■ **INSTRUCTIONS FOR THE TASK**
Please set down every entry from the listing below, word for word.

■ **MATERIAL PROVIDED**
__________

Lemma loc_nilM a b : loc_nil P (a * b) -> loc_nil P a \/ loc_nil P b.
Proof.
move=> [s [k sabk] Ps].
have [u [c [Pu [E|E]]]] := valP a b.
- right; exists (s * u ^+ k); last by apply: prime_notinM => //; apply: prime_notinX.
  exists (k + k)%N; have -> : s * u ^+ k * b ^+ (k + k) = s * (a * b) ^+ k * c ^+ k.
    rewrite exprD; transitivity (s * (u * b) ^+ k * b ^+ k); first by rewrite exprMn; ring.
    by rewrite E !exprMn; ring.
  by rewrite sabk mul0r.
- left; exists (s * u ^+ k); last by apply: prime_notinM => //; apply: prime_notinX.
  exists (k + k)%N; have -> : s * u ^+ k * a ^+ (k + k) = s * (a * b) ^+ k * c ^+ k.
    rewrite exprD; transitivity (s * (u * a) ^+ k * a ^+ k); first by rewrite exprMn; ring.
    by rewrite E !exprMn; ring.
  by rewrite sabk mul0r.
Qed.

Lemma loc_nil_prime : prime_ideal (loc_nil P).
Proof.
split; [split | | exact: loc_nilM].
- by exists 1; [exists 1%N; rewrite expr1 mulr0 | case: pP].
- exact: loc_nilD.
- by move=> r x [s [k sxk] Ps]; exists s => //; exists k; rewrite exprMn mulrCA sxk mulr0.
- by move=> [s [k]]; rewrite expr1n mulr1 => -> []; case: pP => /ideal0.
Qed.

Lemma loc_nil_minimal_prime : minimal_prime (loc_nil P).
Proof.
split; first exact: loc_nil_prime.
move=> Q pQ QN; apply: loc_nil_sub_prime => // x /QN.
exact: loc_nil_sub_prime.
Qed.

Lemma minimal_prime_loc_nil r : minimal_prime r -> (forall x, r x -> P x) ->
  forall x, r x <-> loc_nil P x.
Proof.
move=> [pr rmin] rP x; split; last exact: loc_nil_sub_prime.
exact: rmin _ loc_nil_prime (loc_nil_sub_prime pr rP) x.
Qed.

End ValuationLocalization.

Lemma minimal_prime_ann_pow r s : arithmetic_ring R -> minimal_prime r -> r s ->
  exists2 y, ann_pow s y & ~ r y.
Proof.
move=> ar mr rs; have [[ir r1 _] _] := mr.
have [P mP rP] := exists_maximal_ideal ir r1.
have [y sy Py] := (minimal_prime_loc_nil (ar P mP) (maximal_prime mP) mr rP s).1 rs.
by exists y => // /rP.
Qed.

Lemma loc_nil_seq P F : prime_ideal P -> (forall v, List.In v F -> loc_nil P v) ->
  exists2 s, ann_pow_seq F s & ~ P s.
Proof.
move=> pP; elim: F => [|v F IHF] FP; first by exists 1 => //; case: pP.
have [s Fs Ps] := IHF (fun w Fw => FP w (or_intror Fw)).
have [t vt Pt] := FP v (or_introl erefl).
exists (t * s); last exact: prime_notinM.
move=> w [<-|Fw]; first exact: ideal_mulr (ideal_ann_pow _) vt.
exact: ideal_mull (ideal_ann_pow w) (Fs w Fw).
Qed.

Lemma nilpotent_of_loc_nil x : (forall P, maximal_ideal P -> loc_nil P x) ->
  exists n, x ^+ n = 0.
Proof.
move=> xN; have [n] := ideal1_of_maximal_avoided (ideal_ann_pow x) xN.
by rewrite mul1r; exists n.
Qed.

Lemma comaximal_exprl u w n : u + w = 1 -> exists a b, u ^+ n * a + w * b = 1.
Proof.
move=> uw1; elim: n => [|n [a [b uwn]]].
  by exists 1, 0; rewrite expr0 mulr1 mulr0 addr0.
exists a, (u ^+ n * a + b).
by transitivity (u ^+ n * a * (u + w) + w * b); [rewrite exprS; ring | rewrite uw1 mulr1].
Qed.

__________

■ **EXPECTED ANSWER**
Lemma loc_nilM a b : loc_nil P (a * b) -> loc_nil P a \/ loc_nil P b.
Proof.
move=> [s [k sabk] Ps].
have [u [c [Pu [E|E]]]] := valP a b.
- right; exists (s * u ^+ k); last by apply: prime_notinM => //; apply: prime_notinX.
  exists (k + k)%N; have -> : s * u ^+ k * b ^+ (k + k) = s * (a * b) ^+ k * c ^+ k.
    rewrite exprD; transitivity (s * (u * b) ^+ k * b ^+ k); first by rewrite exprMn; ring.
    by rewrite E !exprMn; ring.
  by rewrite sabk mul0r.
- left; exists (s * u ^+ k); last by apply: prime_notinM => //; apply: prime_notinX.
  exists (k + k)%N; have -> : s * u ^+ k * a ^+ (k + k) = s * (a * b) ^+ k * c ^+ k.
    rewrite exprD; transitivity (s * (u * a) ^+ k * a ^+ k); first by rewrite exprMn; ring.
    by rewrite E !exprMn; ring.
  by rewrite sabk mul0r.
Qed.

Lemma loc_nil_prime : prime_ideal (loc_nil P).
Proof.
split; [split | | exact: loc_nilM].
- by exists 1; [exists 1%N; rewrite expr1 mulr0 | case: pP].
- exact: loc_nilD.
- by move=> r x [s [k sxk] Ps]; exists s => //; exists k; rewrite exprMn mulrCA sxk mulr0.
- by move=> [s [k]]; rewrite expr1n mulr1 => -> []; case: pP => /ideal0.
Qed.

Lemma loc_nil_minimal_prime : minimal_prime (loc_nil P).
Proof.
split; first exact: loc_nil_prime.
move=> Q pQ QN; apply: loc_nil_sub_prime => // x /QN.
exact: loc_nil_sub_prime.
Qed.

Lemma minimal_prime_loc_nil r : minimal_prime r -> (forall x, r x -> P x) ->
  forall x, r x <-> loc_nil P x.
Proof.
move=> [pr rmin] rP x; split; last exact: loc_nil_sub_prime.
exact: rmin _ loc_nil_prime (loc_nil_sub_prime pr rP) x.
Qed.

End ValuationLocalization.

Lemma minimal_prime_ann_pow r s : arithmetic_ring R -> minimal_prime r -> r s ->
  exists2 y, ann_pow s y & ~ r y.
Proof.
move=> ar mr rs; have [[ir r1 _] _] := mr.
have [P mP rP] := exists_maximal_ideal ir r1.
have [y sy Py] := (minimal_prime_loc_nil (ar P mP) (maximal_prime mP) mr rP s).1 rs.
by exists y => // /rP.
Qed.

Lemma loc_nil_seq P F : prime_ideal P -> (forall v, List.In v F -> loc_nil P v) ->
  exists2 s, ann_pow_seq F s & ~ P s.
Proof.
move=> pP; elim: F => [|v F IHF] FP; first by exists 1 => //; case: pP.
have [s Fs Ps] := IHF (fun w Fw => FP w (or_intror Fw)).
have [t vt Pt] := FP v (or_introl erefl).
exists (t * s); last exact: prime_notinM.
move=> w [<-|Fw]; first exact: ideal_mulr (ideal_ann_pow _) vt.
exact: ideal_mull (ideal_ann_pow w) (Fs w Fw).
Qed.

Lemma nilpotent_of_loc_nil x : (forall P, maximal_ideal P -> loc_nil P x) ->
  exists n, x ^+ n = 0.
Proof.
move=> xN; have [n] := ideal1_of_maximal_avoided (ideal_ann_pow x) xN.
by rewrite mul1r; exists n.
Qed.

Lemma comaximal_exprl u w n : u + w = 1 -> exists a b, u ^+ n * a + w * b = 1.
Proof.
move=> uw1; elim: n => [|n [a [b uwn]]].
  by exists 1, 0; rewrite expr0 mulr1 mulr0 addr0.
exists a, (u ^+ n * a + b).
by transitivity (u ^+ n * a * (u + w) + w * b); [rewrite exprS; ring | rewrite uw1 mulr1].
Qed.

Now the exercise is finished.